Information provided >>
(* Let $\ell,m$ be positive integers and let $\mu\in\mathcal{P}^{\ell,\ell+m-1}$. Define $\tilde\mu:[\ell]\to[\ell]$ by $\tilde\mu(i)=t(i,\mu(i))$, where $t(r,s)=s$ if $s<r$, $t(r,s)=r$ if $r\leq s\leq m+r-1$, and $t(r,s)=s-m+1$ if $s>m+r-1$. Then $\mu\in\mathcal{P}^\ell(\Omega_m)$ if and only if for every $i\in[\ell]$: (i) if $\tilde\mu(i)>i$ then $\tilde\mu(\tilde\mu(i))>i$; (ii) if $\tilde\mu(i)<i$ then $\tilde\mu(\tilde\mu(i))<i$.
   Context: For a positive integer $n$, $[n]=\{1,\dots,n\}$. $\mathcal{P}^{n,k}$ is the set of partitions $\mu=(\mu_1\geq\dots\geq\mu_n>0)$ with exactly $n$ parts and $\mu_1\leq k$, regarded as weakly decreasing functions $[n]\to[k]$, $\mu(i)=\mu_i$. The map $\tau_k:\mathcal{P}^{n,k}\to\mathcal{P}^{n,k}$ is $\tau_k(\mu_1,\dots,\mu_n)=(k+1-\mu_n,\dots,k+1-\mu_1)$. For $\mu$ with $n-1$ parts and $0<j\leq\mu_{n-1}$, $(\mu:j)$ denotes the partition $(\mu_1,\dots,\mu_{n-1},j)$. Fix $m\in\mathbb{Z}^+$ and let $\Omega_m=\{(j):1\leq j\leq m\}=\mathcal{P}^{1,m}$. Define $\mathcal{P}^1(\Omega_m)=\Omega_m$ and, for $\ell\geq2$, $\mathcal{P}^\ell_{\rm d}(\Omega_m)=\{(\nu:j)\in\mathcal{P}^{\ell,\ell+m-1}:\nu\in\mathcal{P}^{\ell-1}(\Omega_m),\ 1\leq j\leq\nu_{\ell-1}\}$ and $\mathcal{P}^\ell(\Omega_m)=\mathcal{P}^\ell_{\rm d}(\Omega_m)\cup\tau_{\ell+m-1}(\mathcal{P}^\ell_{\rm d}(\Omega_m))$. *)

(* Partitions are represented as seq nat (mu = [:: mu_1; ...; mu_n]). *)
From mathcomp Require Import all_boot.
Set Implicit Arguments. Unset Strict Implicit. Unset Printing Implicit Defensive.

Definition isPart (n k : nat) (mu : seq nat) : Prop :=
  size mu = n /\ sorted geq mu /\ all (fun x => (0 < x) && (x <= k)) mu.

Definition tau (k : nat) (mu : seq nat) : seq nat :=
  rev (map (fun x => k.+1 - x) mu).

(* P^l_d built from a predicate P describing P^{l-1}(Omega_m):
   {(nu:j) in P^{l,l+m-1} : nu in P^{l-1}(Omega_m), 1 <= j <= nu_{l-1}} *)
Definition Pd_step (P : seq nat -> Prop) (m l : nat) (mu : seq nat) : Prop :=
  exists (nu : seq nat) (j : nat),
    P nu /\ mu = rcons nu j /\ 1 <= j <= last 0 nu /\ isPart l (l + m - 1) mu.

Fixpoint inPOmega (m l : nat) (mu : seq nat) {struct l} : Prop :=
  match l with
  | 0 => False
  | l'.+1 =>
      if l' == 0 then exists j, mu = [:: j] /\ 1 <= j <= m
      else Pd_step (inPOmega m l') m l mu
           \/ exists x, Pd_step (inPOmega m l') m l x /\ mu = tau (l + m - 1) x
  end.

Definition tfun (m r s : nat) : nat :=
  if s < r then s else if s <= m + r - 1 then r else s - m + 1.

(* mu~(i) = t(i, mu(i)), with mu(i) = mu_i (1-indexed) *)
Definition mutilde (m : nat) (mu : seq nat) (i : nat) : nat :=
  tfun m i (nth 0 mu i.-1).

(* Both conditions are symmetric under [i |-> l+1-i], which is how [tau] acts on
   [mu~]; and appending a part [j <= mu_l] leaves [mu~] unchanged on [1..l] while
   [mu~(l+1) = t(l+1, j)] is either [l+1] or [j], on which the conditions hold.
   Conversely, if [mu_1 < l+m-1] then [mu] is [nu] with a part appended, and [nu]
   still satisfies the conditions; if [mu_l > 1] the same applies to [tau mu].
   The remaining case [mu_1 = l+m-1], [mu_l = 1] gives [mu~(1) = l],
   [mu~(l) = 1], violating (i) at [i = 1]. *)
From mathcomp Require Import all_boot zify.
Set Implicit Arguments. Unset Strict Implicit. Unset Printing Implicit Defensive.

Definition tilde_cond (m l : nat) (mu : seq nat) : Prop :=
  forall i, 1 <= i <= l ->
    (mutilde m mu i > i -> mutilde m mu (mutilde m mu i) > i) /\
    (mutilde m mu i < i -> mutilde m mu (mutilde m mu i) < i).

Lemma isPart_nth n k mu i : isPart n k mu -> i < n -> 0 < nth 0 mu i <= k.
Proof. by case=> <- [_ /(all_nthP 0)]; apply. Qed.

Lemma isPart_nth_mono n k mu i j : isPart n k mu -> i <= j < n ->
  nth 0 mu j <= nth 0 mu i.
Proof.
case=> <- [sorted_mu _] /andP [le_ij lt_j].
have geq_trans : transitive geq by move=> a b c /=; lia.
have geq_refl : reflexive geq by move=> a /=.
apply: (sorted_leq_nth geq_trans geq_refl 0 sorted_mu) => //; rewrite inE; lia.
Qed.

Lemma nth_tau k mu i : i < size mu ->
  nth 0 (tau k mu) i = k.+1 - nth 0 mu (size mu - i.+1).
Proof. by move=> lt_i; rewrite /tau nth_rev size_map // (nth_map 0) //; lia. Qed.

Lemma isPart_tau n k mu : isPart n k mu -> isPart n k (tau k mu).
Proof.
case=> size_mu [sorted_mu all_mu]; split; first by rewrite size_rev size_map.
split; last by apply/allP => x; rewrite mem_rev => /mapP [y /(allP all_mu)]; lia.
rewrite rev_sorted sorted_map.
by apply: sub_sorted sorted_mu => a b /=; lia.
Qed.

Lemma tauK n k mu : isPart n k mu -> tau k (tau k mu) = mu.
Proof.
case=> _ [_ /allP all_mu]; rewrite /tau map_rev revK -map_comp -[RHS]map_id.
by apply/eq_in_map => x /all_mu /=; lia.
Qed.

Lemma isPart_rcons n k nu j : 0 < n -> isPart n.+1 k.+1 (rcons nu j) ->
  nth 0 nu 0 <= k -> isPart n k nu /\ 1 <= j <= last 0 nu.
Proof.
move=> n_gt0 part_mu head_le.
have size_nu : size nu = n by case: part_mu => /eqP; rewrite size_rcons eqSS => /eqP.
have nth_mu i : i < n -> nth 0 (rcons nu j) i = nth 0 nu i.
  by move=> lt_i; rewrite nth_rcons size_nu lt_i.
have last_mu : nth 0 (rcons nu j) n = j by rewrite nth_rcons size_nu ltnn eqxx.
split; last first.
  have := isPart_nth_mono part_mu (_ : n.-1 <= n < n.+1).
  have := isPart_nth part_mu (ltnSn n).
  rewrite last_mu nth_mu -?nth_last ?size_nu; lia.
split=> //; split.
  by case: part_mu => _ [+ _]; rewrite -cats1 => /cat_sorted2 [].
apply/(all_nthP 0) => i; rewrite size_nu => lt_i.
have := isPart_nth part_mu (ltn_trans lt_i (ltnSn n)).
have := isPart_nth_mono part_mu (_ : 0 <= i < n.+1).
rewrite !nth_mu //; lia.
Qed.

Lemma tfun_bounded m L r s : 1 <= r <= L -> 1 <= s <= L + m - 1 ->
  1 <= tfun m r s <= L.
Proof. by move=> *; rewrite /tfun; do ! case: ifP => ?; lia. Qed.

Lemma mutilde_bounded l m mu i : isPart l (l + m - 1) mu -> 1 <= i <= l ->
  1 <= mutilde m mu i <= l.
Proof.
move=> part_mu i_in; apply: tfun_bounded => //.
have := isPart_nth part_mu (_ : i.-1 < l); lia.
Qed.

Lemma mutilde_tau l m mu i : isPart l (l + m - 1) mu -> 1 <= i <= l ->
  mutilde m (tau (l + m - 1) mu) i = l.+1 - mutilde m mu (l.+1 - i).
Proof.
move=> part_mu i_in; have size_mu : size mu = l by case: part_mu.
rewrite /mutilde nth_tau size_mu; last lia.
have -> : l - (i.-1).+1 = (l.+1 - i).-1 by lia.
have := isPart_nth part_mu (_ : (l.+1 - i).-1 < l).
move: (nth 0 mu _) => s s_in.
by rewrite /tfun; do ! case: ifP => ?; lia.
Qed.

Lemma tilde_cond_tau l m mu : isPart l (l + m - 1) mu ->
  tilde_cond m l mu -> tilde_cond m l (tau (l + m - 1) mu).
Proof.
move=> part_mu cond_mu i i_in.
have i'_in : 1 <= l.+1 - i <= l by lia.
have t_in := mutilde_bounded part_mu i'_in.
rewrite (mutilde_tau part_mu i_in) (mutilde_tau part_mu); last lia.
have -> : l.+1 - (l.+1 - mutilde m mu (l.+1 - i)) = mutilde m mu (l.+1 - i) by lia.
have := cond_mu _ i'_in; lia.
Qed.

Lemma mutilde_rcons m nu j i : 1 <= i <= size nu ->
  mutilde m (rcons nu j) i = mutilde m nu i.
Proof. by move=> i_in; rewrite /mutilde nth_rcons ifT //; lia. Qed.

Lemma mutilde_rcons_size m nu j :
  mutilde m (rcons nu j) (size nu).+1 = tfun m (size nu).+1 j.
Proof. by rewrite /mutilde nth_rcons ltnn eqxx. Qed.

Lemma mutilde_rcons_iter l m nu j i : isPart l (l + m - 1) nu ->
  1 <= i <= l ->
  mutilde m (rcons nu j) (mutilde m (rcons nu j) i) = mutilde m nu (mutilde m nu i).
Proof.
move=> part_nu i_in; have size_nu : size nu = l by case: part_nu.
have t_in := mutilde_bounded part_nu i_in.
rewrite (mutilde_rcons _ _ (i := i)) ?size_nu //.
by rewrite mutilde_rcons ?size_nu.
Qed.

Lemma tilde_cond_rcons_restrict l m nu j : isPart l (l + m - 1) nu ->
  tilde_cond m l.+1 (rcons nu j) -> tilde_cond m l nu.
Proof.
move=> part_nu cond_mu i i_in; have size_nu : size nu = l by case: part_nu.
have /cond_mu : 1 <= i <= l.+1 by lia.
by rewrite (mutilde_rcons_iter j part_nu i_in) mutilde_rcons ?size_nu.
Qed.

Lemma tilde_cond_rcons l m nu j : isPart l (l + m - 1) nu ->
  1 <= j <= last 0 nu -> tilde_cond m l nu -> tilde_cond m l.+1 (rcons nu j).
Proof.
move=> part_nu j_in cond_nu i i_in; have size_nu : size nu = l by case: part_nu.
have [le_il|] := leqP i l.
  have i'_in : 1 <= i <= l by lia.
  rewrite (mutilde_rcons_iter j part_nu i'_in) mutilde_rcons ?size_nu //.
  exact: cond_nu.
have l_gt0 : 0 < l by move: j_in; rewrite -size_nu; case: (nu) => //=; lia.
have last_le : last 0 nu <= l + m - 1.
  by rewrite -nth_last size_nu; have := isPart_nth part_nu (_ : l.-1 < l); lia.
move=> lt_li; have -> : i = (size nu).+1 by lia.
rewrite mutilde_rcons_size /tfun; case: ifP => lt_j; last by do ! case: ifP; lia.
rewrite mutilde_rcons ?size_nu; last lia.
have := mutilde_bounded part_nu (_ : 1 <= j <= l); lia.
Qed.

Lemma inPOmega_isPart m l mu : inPOmega m l mu -> isPart l (l + m - 1) mu.
Proof.
case: l => [|l] //=; case: eqP => [-> [j [-> j_in]]|_].
  by split=> //=; rewrite andbT; lia.
by case=> [[nu [j [_ [_ [_ ?]]]]] | [x [[nu [j [_ [_ [_ ?]]]]] ->]]] //; apply: isPart_tau.
Qed.

Lemma inPOmega_tilde_cond m l mu : inPOmega m l mu -> tilde_cond m l mu.
Proof.
elim: l mu => [|[|l] IH] mu //=.
  case=> j [-> j_in] i i_in; have -> : i = 1 by lia.
  by have -> : mutilde m [:: j] 1 = 1 by rewrite /mutilde /tfun /=; do ! case: ifP; lia.
have Pd_cond x : Pd_step (inPOmega m l.+1) m l.+2 x -> tilde_cond m l.+2 x.
  case=> nu [j [in_nu [-> [j_in _]]]].
  exact: tilde_cond_rcons (inPOmega_isPart in_nu) j_in (IH _ in_nu).
case=> [/Pd_cond // | [x [Pd_x ->]]].
by apply: tilde_cond_tau (Pd_cond _ Pd_x); case: Pd_x => [? [? [_ [_ [_ ?]]]]].
Qed.

Lemma Pd_step_tilde_cond (P : seq nat -> Prop) m l mu : 0 < m -> 0 < l ->
  (forall nu, isPart l (l + m - 1) nu -> tilde_cond m l nu -> P nu) ->
  isPart l.+1 (l.+1 + m - 1) mu -> tilde_cond m l.+1 mu -> nth 0 mu 0 < l + m ->
  Pd_step P m l.+1 mu.
Proof.
move=> m_gt0 l_gt0 P_cond part_mu cond_mu head_lt.
case/lastP: mu part_mu cond_mu head_lt => [[] //|nu j] part_mu cond_mu head_lt.
have size_nu : size nu = l by case: part_mu => /eqP; rewrite size_rcons eqSS => /eqP.
have [part_nu j_in] : isPart l (l + m - 1) nu /\ 1 <= j <= last 0 nu.
  apply: isPart_rcons => //; first by have -> : (l + m - 1).+1 = l.+1 + m - 1 by lia.
  by move: head_lt; rewrite nth_rcons size_nu l_gt0; lia.
by exists nu, j; split; first exact: P_cond (tilde_cond_rcons_restrict part_nu cond_mu).
Qed.

Lemma tilde_cond_extremal l m mu : 1 < l ->
  nth 0 mu 0 = l + m - 1 -> nth 0 mu l.-1 = 1 -> ~ tilde_cond m l mu.
Proof.
move=> l_gt1 head_max last_min /(_ 1) cond_mu.
have first_to_last : mutilde m mu 1 = l.
  by rewrite /mutilde head_max /tfun; do ! case: ifP; lia.
have last_to_first : mutilde m mu l = 1.
  by rewrite /mutilde last_min /tfun; do ! case: ifP; lia.
have /cond_mu : 1 <= 1 <= l by lia.
by rewrite first_to_last last_to_first; lia.
Qed.

Lemma tilde_cond_inPOmega m l mu : 0 < m -> 0 < l -> isPart l (l + m - 1) mu ->
  tilde_cond m l mu -> inPOmega m l mu.
Proof.
move=> m_gt0; elim: l mu => [|[|l] IH] mu // _ part_mu cond_mu /=.
  case: part_mu => size_mu [_ all_mu]; clear cond_mu.
  case: mu size_mu all_mu => [|j []] //= _ /andP [j_in _].
  by exists j; split=> //; lia.
have size_mu : size mu = l.+2 by case: part_mu.
have Pd_P := Pd_step_tilde_cond m_gt0 (ltn0Sn l) (fun nu => IH nu (ltn0Sn l)).
have [head_lt|head_max] := ltnP (nth 0 mu 0) (l.+1 + m); first by left; apply: Pd_P.
have [last_gt1|last_le1] := ltnP 1 (nth 0 mu l.+1).
  right; exists (tau (l.+2 + m - 1) mu); split; last by rewrite (tauK part_mu).
  apply: Pd_P; [exact: isPart_tau | exact: tilde_cond_tau |].
  by rewrite nth_tau size_mu // subSS subn0; lia.
have /andP [_ head_le] := isPart_nth part_mu (ltn0Sn l.+1).
have /andP [last_gt0 _] := isPart_nth part_mu (ltnSn l.+1).
by exfalso; apply: (tilde_cond_extremal _ _ _ cond_mu) => //=; lia.
Qed.

Theorem theorem3p6 (l m : nat) (mu : seq nat) :
  0 < l -> 0 < m -> isPart l (l + m - 1) mu ->
  (inPOmega m l mu <->
   forall i, 1 <= i <= l ->
     (mutilde m mu i > i -> mutilde m mu (mutilde m mu i) > i) /\
     (mutilde m mu i < i -> mutilde m mu (mutilde m mu i) < i)).
Proof.
move=> l_gt0 m_gt0 part_mu; split; first exact: inPOmega_tilde_cond.
exact: tilde_cond_inPOmega.
Qed.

Task directions >> In the records above, how many lines hold the string "Import"? Reply with only the number.

Answer box >> 2